Outcomes after hematopoietic stem cell transplantation (HSCT) for patients with both malignant and nonmalignant diseases have improved significantly in recent years. However, the endocrine system is highly susceptible to damage by the high-dose chemotherapy and/or irradiation used in the conditioning regimen before HSCT. Ovarian failure and subsequent infertility are frequent complications that long-term HSCT survivors and their partners face with a negative impact on their QoL. Several meta-analyses of randomized clinical trials showed that gonadotropin-releasing hormone agonist (GnRHa) administration in advance of starting standard chemotherapy decreases the risk of gonadal dysfunction and infertility in cancer patients, but GnRHa use for ovarian protection in HSCT patients is not fully determined. In this review, we are discussing the potential preservation of ovarian function and fertility in pubertal girls/premenopausal women who undergo HSCT using GnRHa in parallel with conditioning chemotherapy, focusing on the current data available and making some special remarks regarding the use of GnRHa.

Introduction

Hematopoietic stem cell transplantation (HSCT) is increasingly used for the treatment of both malignant and nonmalignant diseases.
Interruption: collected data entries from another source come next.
(* Let $p\in(1,\infty)$ and let $Y$ be a Banach space whose norm satisfies Rolewicz property $(\beta)$ with power type $p$. Then there exists $\gamma=\gamma(Y)>0$ such that for every non-contractive Lipschitz map $f\colon K_{\omega,1}\to Y$ there exists $i_0\in\mathbb N$ such that $$\|f(r)-f(t_{i_0})\|\le 2\left(\mathrm{Lip}(f)-\frac{\gamma}{\mathrm{Lip}(f)^{p-1}}\right).$$
   Context: For a Banach space $X$ with closed unit ball $B_X$ and a sequence $(y_n)_{n\ge1}$ in $X$, let $\mathrm{sep}[(y_n)]:=\inf\{\|y_m-y_n\|: m\neq n\}$. The $(\beta)$-modulus of the norm is $$\overline{\beta}_X(t):=1-\sup\Big\{\inf_{n\ge1}\tfrac{\|x+y_n\|}{2}\ :\ x\in B_X,\ (y_n)_{n\ge1}\subset B_X,\ \mathrm{sep}[(y_n)]\ge t\Big\}.$$ The norm satisfies Rolewicz property $(\beta)$ with power type $p$ (equivalently, has $(\beta)$-modulus of power type $p$) if there is a constant $c>0$ with $\overline{\beta}_X(t)\ge ct^p$ for all $t\in(0,2]$. $K_{\omega,1}$ is the star graph with a center $b$ and countably infinitely many leaves, each joined to $b$ by an edge; one leaf is denoted $r$ and the remaining leaves are labeled $(t_i)_{i\ge1}$. It carries the unweighted shortest-path metric $\rho$ (so $\rho(r,t_i)=2$, $\rho(t_i,t_j)=2$ for $i\ne j$, $\rho(b,\cdot)=1$ on leaves). A map $f$ between metric spaces is non-contractive if $d(f(x),f(y))\ge \rho(x,y)$ for all $x,y$; $\mathrm{Lip}(f)$ denotes its Lipschitz constant. *)

From Stdlib Require Import Reals Lra.
Open Scope R_scope.

Record Banach := {
  bX :> Type;
  badd : bX -> bX -> bX;
  bopp : bX -> bX;
  bzero : bX;
  bscal : R -> bX -> bX;
  bnorm : bX -> R;
  badd_assoc : forall x y z, badd x (badd y z) = badd (badd x y) z;
  badd_comm : forall x y, badd x y = badd y x;
  badd_zero : forall x, badd x bzero = x;
  badd_opp : forall x, badd x (bopp x) = bzero;
  bscal_one : forall x, bscal 1 x = x;
  bscal_assoc : forall a b x, bscal a (bscal b x) = bscal (a * b) x;
  bscal_distr_r : forall a x y, bscal a (badd x y) = badd (bscal a x) (bscal a y);
  bscal_distr_l : forall a b x, bscal (a + b) x = badd (bscal a x) (bscal b x);
  bnorm_nonneg : forall x, 0 <= bnorm x;
  bnorm_eq0 : forall x, bnorm x = 0 -> x = bzero;
  bnorm_scal : forall a x, bnorm (bscal a x) = Rabs a * bnorm x;
  bnorm_triangle : forall x y, bnorm (badd x y) <= bnorm x + bnorm y;
  bcomplete : forall u : nat -> bX,
    (forall eps, 0 < eps -> exists N, forall m n, (N <= m)%nat -> (N <= n)%nat ->
        bnorm (badd (u m) (bopp (u n))) < eps) ->
    exists l, forall eps, 0 < eps -> exists N, forall n, (N <= n)%nat ->
        bnorm (badd (u n) (bopp l)) < eps
}.

Arguments badd {b0}. Arguments bopp {b0}. Arguments bnorm {b0}.

Definition bsub {X : Banach} (x y : X) : X := badd x (bopp y).

Definition inf_le (a : nat -> R) (M : R) : Prop :=
  forall eps, 0 < eps -> exists n, a n < M + eps.

Definition sep_ge {X : Banach} (y : nat -> X) (t : R) : Prop :=
  forall m n : nat, m <> n -> t <= bnorm (bsub (y m) (y n)).

(* beta_X(t) >= b, i.e. sup{ inf_n ||x+y_n||/2 : x, y_n in B_X, sep >= t } <= 1 - b *)
Definition beta_modulus_ge (X : Banach) (t b : R) : Prop :=
  forall (x : X) (y : nat -> X),
    bnorm x <= 1 -> (forall n, bnorm (y n) <= 1) -> sep_ge y t ->
    inf_le (fun n => bnorm (badd x (y n)) / 2) (1 - b).

Definition beta_power_type (X : Banach) (p : R) : Prop :=
  exists c, 0 < c /\ forall t, 0 < t <= 2 -> beta_modulus_ge X t (c * Rpower t p).

(* The star graph K_{omega,1}: center b, distinguished leaf r, leaves t_i *)
Inductive Kw1 : Type := Kb | Kr | Kt (i : nat).

Definition rho (u v : Kw1) : R :=
  match u, v with
  | Kb, Kb => 0
  | Kr, Kr => 0
  | Kt i, Kt j => if Nat.eqb i j then 0 else 2
  | Kb, _ => 1
  | _, Kb => 1
  | _, _ => 2
  end.

Definition noncontractive {X : Banach} (f : Kw1 -> X) : Prop :=
  forall u v, rho u v <= bnorm (bsub (f u) (f v)).

Definition lipschitz {X : Banach} (f : Kw1 -> X) : Prop :=
  exists L, forall u v, bnorm (bsub (f u) (f v)) <= L * rho u v.

Definition Lip_is {X : Banach} (f : Kw1 -> X) (L : R) : Prop :=
  is_lub (fun s => exists u v, u <> v /\ s = bnorm (bsub (f u) (f v)) / rho u v) L.

(* Rescale the two edges of the star by 1/L: x := (f r - f b)/L and
   y_n := (f b - f t_n)/L lie in the unit ball, non-contractivity makes (y_n)
   2/L-separated, and x + y_n = (f r - f t_n)/L. Property (beta) then gives n
   with ||f r - f t_n|| <= 2L (1 - c (2/L)^p) + eps = 2L - 2 c 2^p / L^(p-1) + eps;
   taking eps := c 2^p / L^(p-1) shows that gamma := c 2^p / 2 works. *)

From Stdlib Require Import Reals Lra Lia.
Open Scope R_scope.

Section VectorAlgebra.
Variable X : Banach.
Implicit Types x y u v w : X.

Lemma badd_zero_l x : badd (bzero X) x = x.
Proof. rewrite badd_comm. apply badd_zero. Qed.

Lemma badd_opp_l x : badd (bopp x) x = bzero X.
Proof. rewrite badd_comm. apply badd_opp. Qed.

Lemma bopp_unique x y : badd x y = bzero X -> y = bopp x.
Proof.
  intro H. rewrite <- (badd_zero X y), <- (badd_opp X x), badd_assoc,
    (badd_comm X y x), H. apply badd_zero_l.
Qed.

Lemma bopp_opp x : bopp (bopp x) = x.
Proof. symmetry. apply bopp_unique, badd_opp_l. Qed.

Lemma bopp_add u v : bopp (badd u v) = badd (bopp u) (bopp v).
Proof.
  symmetry. apply bopp_unique.
  rewrite (badd_comm X (bopp u) (bopp v)), badd_assoc,
    <- (badd_assoc X u v (bopp v)), badd_opp, badd_zero, badd_opp.
  reflexivity.
Qed.

Lemma bscal_zero a : bscal X a (bzero X) = bzero X.
Proof.
  assert (Hdup : bscal X a (bzero X) = badd (bscal X a (bzero X)) (bscal X a (bzero X))).
  { rewrite <- bscal_distr_r, badd_zero. reflexivity. }
  assert (H := f_equal (fun z => badd z (bopp (bscal X a (bzero X)))) Hdup).
  simpl in H. rewrite badd_opp, <- badd_assoc, badd_opp, badd_zero in H.
  symmetry. exact H.
Qed.

Lemma bopp_scal a v : bopp (bscal X a v) = bscal X a (bopp v).
Proof.
  symmetry. apply bopp_unique. rewrite <- bscal_distr_r, badd_opp. apply bscal_zero.
Qed.

Lemma bsub_scal a u v : bsub (bscal X a u) (bscal X a v) = bscal X a (bsub u v).
Proof. unfold bsub. rewrite bopp_scal, bscal_distr_r. reflexivity. Qed.

Lemma badd_bsub u v w : badd (bsub u v) (bsub v w) = bsub u w.
Proof.
  unfold bsub. rewrite <- badd_assoc, (badd_assoc X (bopp v) v (bopp w)),
    badd_opp_l, badd_zero_l.
  reflexivity.
Qed.

Lemma bsub_bsub_l u v w : bsub (bsub u v) (bsub u w) = bsub w v.
Proof.
  unfold bsub. rewrite bopp_add, bopp_opp, <- badd_assoc,
    (badd_comm X (bopp v) (badd (bopp u) w)), <- badd_assoc,
    (badd_assoc X u (bopp u) _), badd_opp, badd_zero_l.
  reflexivity.
Qed.

Lemma bnorm_scal_pos a v : 0 < a -> bnorm (bscal X a v) = a * bnorm v.
Proof. intro ha. rewrite bnorm_scal, Rabs_right by lra. reflexivity. Qed.

End VectorAlgebra.

Lemma beta_modulus_two_step (X : Banach) (t b L : R) (w u : X) (z : nat -> X) :
  beta_modulus_ge X t b -> 0 < L ->
  bnorm (bsub w u) <= L -> (forall n, bnorm (bsub u (z n)) <= L) ->
  (forall m n, m <> n -> L * t <= bnorm (bsub (z m) (z n))) ->
  forall eps, 0 < eps -> exists n, bnorm (bsub w (z n)) < 2 * L * (1 - b) + eps.
Proof.
  intros hbeta hL hwu huz hsep eps heps.
  assert (hinvL : 0 < / L) by (apply Rinv_0_lt_compat; lra).
  assert (hunit : forall v : X, bnorm v <= L -> bnorm (bscal X (/ L) v) <= 1).
  { intros v hv. rewrite bnorm_scal_pos by lra.
    apply (Rmult_le_reg_l L); [lra|]. rewrite <- Rmult_assoc, Rinv_r by lra. lra. }
  assert (hsep' : sep_ge (fun n => bscal X (/ L) (bsub u (z n))) t).
  { intros m n hmn. rewrite bsub_scal, bsub_bsub_l, bnorm_scal_pos by lra.
    apply (Rmult_le_reg_l L); [lra|]. rewrite <- Rmult_assoc, Rinv_r by lra.
    rewrite Rmult_1_l. apply hsep. lia. }
  destruct (hbeta _ _ (hunit _ hwu) (fun n => hunit _ (huz n)) hsep' (eps / (2 * L)))
    as [n hn].
  { apply Rdiv_lt_0_compat; lra. }
  exists n. simpl in hn.
  rewrite <- bscal_distr_r, badd_bsub, bnorm_scal_pos in hn by lra.
  apply (Rmult_lt_compat_l (2 * L)) in hn; [|lra].
  replace (2 * L * (/ L * bnorm (bsub w (z n)) / 2)) with (bnorm (bsub w (z n))) in hn
    by (field; lra).
  replace (2 * L * (1 - b + eps / (2 * L))) with (2 * L * (1 - b) + eps) in hn
    by (field; lra).
  exact hn.
Qed.

Lemma rho_pos (u v : Kw1) : u <> v -> 0 < rho u v.
Proof.
  intro huv. destruct u as [| |i], v as [| |j]; simpl; try lra; try congruence.
  destruct (Nat.eqb_spec i j); [congruence | lra].
Qed.

Lemma rho_Kt_neq (i j : nat) : i <> j -> rho (Kt i) (Kt j) = 2.
Proof. intro hij. simpl. destruct (Nat.eqb_spec i j); [contradiction | reflexivity]. Qed.

Lemma Lip_is_le {X : Banach} (f : Kw1 -> X) (L : R) (u v : Kw1) :
  Lip_is f L -> u <> v -> bnorm (bsub (f u) (f v)) <= L * rho u v.
Proof.
  intros [hub _] huv. assert (hr := rho_pos u v huv).
  assert (H := hub _ (ex_intro _ u (ex_intro _ v (conj huv eq_refl)))).
  apply (Rmult_le_compat_r (rho u v)) in H; [|lra].
  unfold Rdiv in H. rewrite Rmult_assoc, Rinv_l in H by lra. lra.
Qed.

Lemma Lip_is_ge_1 {X : Banach} (f : Kw1 -> X) (L : R) :
  noncontractive f -> Lip_is f L -> 1 <= L.
Proof.
  intros hnc hL. assert (H1 := hnc Kb Kr). assert (H2 := Lip_is_le f L Kb Kr hL ltac:(discriminate)).
  simpl in *. lra.
Qed.

Lemma Rpower_div_l (x y p : R) : 0 < x -> 0 < y ->
  Rpower (x / y) p = Rpower x p / Rpower y p.
Proof.
  intros hx hy. assert (hyp : 0 < Rpower y p) by (unfold Rpower; apply exp_pos).
  apply (Rmult_eq_reg_r (Rpower y p)); [|lra].
  rewrite Rpower_mult_distr by (try apply Rdiv_lt_0_compat; lra).
  replace (x / y * y) with x by (field; lra). field. lra.
Qed.

Lemma Rpower_minus_1 (x p : R) : 0 < x -> Rpower x (p - 1) = Rpower x p / x.
Proof.
  intro hx. unfold Rminus. rewrite Rpower_plus, Rpower_Ropp, Rpower_1 by lra.
  reflexivity.
Qed.

Theorem lemma1 (p : R) (hp : 1 < p) (Y : Banach) (hY : beta_power_type Y p) :
  exists gamma, 0 < gamma /\
    forall f : Kw1 -> Y, lipschitz f -> noncontractive f ->
    forall L, Lip_is f L ->
    exists i0 : nat,
      bnorm (bsub (f Kr) (f (Kt i0))) <= 2 * (L - gamma / Rpower L (p - 1)).
Proof.
  destruct hY as [c [hc hbeta]].
  assert (h2p : 0 < Rpower 2 p) by (unfold Rpower; apply exp_pos).
  exists (c * Rpower 2 p / 2). split; [nra|].
  intros f _ hnc L hLip.
  assert (hL := Lip_is_ge_1 f L hnc hLip).
  assert (hLp : 0 < Rpower L p) by (unfold Rpower; apply exp_pos).
  assert (ht : 0 < 2 / L <= 2).
  { split; [apply Rdiv_lt_0_compat; lra|].
    apply (Rmult_le_reg_l L); [lra|]. field_simplify; lra. }
  assert (hsep : forall m n, m <> n ->
            L * (2 / L) <= bnorm (bsub (f (Kt m)) (f (Kt n)))).
  { intros m n hmn. assert (H := hnc (Kt m) (Kt n)).
    rewrite rho_Kt_neq in H by exact hmn.
    replace (L * (2 / L)) with 2 by (field; lra). exact H. }
  assert (hrb : bnorm (bsub (f Kr) (f Kb)) <= L).
  { pose proof (Lip_is_le f L Kr Kb hLip ltac:(discriminate)). simpl in *. lra. }
  assert (hbt : forall n, bnorm (bsub (f Kb) (f (Kt n))) <= L).
  { intro n. pose proof (Lip_is_le f L Kb (Kt n) hLip ltac:(discriminate)).
    simpl in *. lra. }
  assert (heps : 0 < c * Rpower 2 p / Rpower L (p - 1)).
  { rewrite Rpower_minus_1 by lra.
    apply Rdiv_lt_0_compat; [nra | apply Rdiv_lt_0_compat; lra]. }
  destruct (beta_modulus_two_step Y _ _ L (f Kr) (f Kb) (fun n => f (Kt n))
              (hbeta _ ht) ltac:(lra) hrb hbt hsep _ heps) as [n hn].
  exists n. apply Rlt_le. eapply Rlt_le_trans; [exact hn|].
  rewrite Rpower_div_l, Rpower_minus_1 by lra.
  apply Req_le. field. lra.
Qed.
Survival after autologous/allogeneic HSCT is no longer the highest concern, as many patients survive the acute complications of the procedure and remain free of their original disease. Instead, long-term side effects are important to recognize and treat (1, 2, 3) to maintain a good quality of life (QoL) for HSCT recipients (4, 5). Gonadal insufficiency and subsequent infertility are frequent problems that long-term HSCT survivors and their partners face with a negative impact on their QoL (4, 5). Beside infertility, premature ovarian failure (POF) can have a significant impact on QoL (6), including hot flashes, risk for osteoporosis and mood lability (7).

Total body irradiation, even low-dose regimen, as well as the chemotherapeutic agents used in the conditioning regimen for HSCT, and the deleterious effects of chronic graft vs host disease implies a risk of consequent gonadotoxicity (8, 9, 10). A review of the literature on gonadal toxicity of HSCT clearly stated that the risk of ovarian damage and POF is very high in HSCT recipients (11). Gonadal damage following HSCT results in a spectrum of gonadal function with varied clinical outcomes (5). Ovarian failure after HSCT has been observed in 65–84% of transplant recipients (5, 12, 13, 14). In patients performing HSCT for hematological malignancies, the incidence of POF is even higher than 90% (15). More than 80% of HSCT recipients present permanent amenorrhea following conditioning regimen with cyclophosphamide/total body irradiation (TBI) or cyclophosphamide/busulfan (8, 16). While ovarian dysfunction is nearly universal following myeloablative (MA) conditioning, the risk is unclear after reduced-intensity conditioning (RIC) (7, 17). However, analysis of the contribution of conditioning regimens to gonadotoxicity may be confounded by the disease itself or prior exposure to cytotoxic agents. In addition, there is a considerable difference between prepubertal/postpubertal girls undergoing HSCT (7, 18). When HSCT is performed in prepubertal girls, the risk for future gonadal insufficiency is approximately 50% (19). A half of the prepubertal girls treated with chemotherapy and hyper-fractionated TBI retain adequate ovarian function to enter puberty and menstruate regularly after transplantation (20). Therefore, creating a ‘prepubertal milieu’ using GnRHa can be regarded as an option for preserving normal gonadal function in young women performing HSCT (8, 21). Although human primordial follicles are not directly under gonadotrophin influence it seems that GnRH co-treatment offers a degree of protection to follicle reserves by decreasing ovarian perfusion and thus minimizing penetration of gonadotoxic agents to the primordial follicles, which leads to the protection of undifferentiated germ-line stem cells and the upregulation of antiapoptotic molecules (21, 22).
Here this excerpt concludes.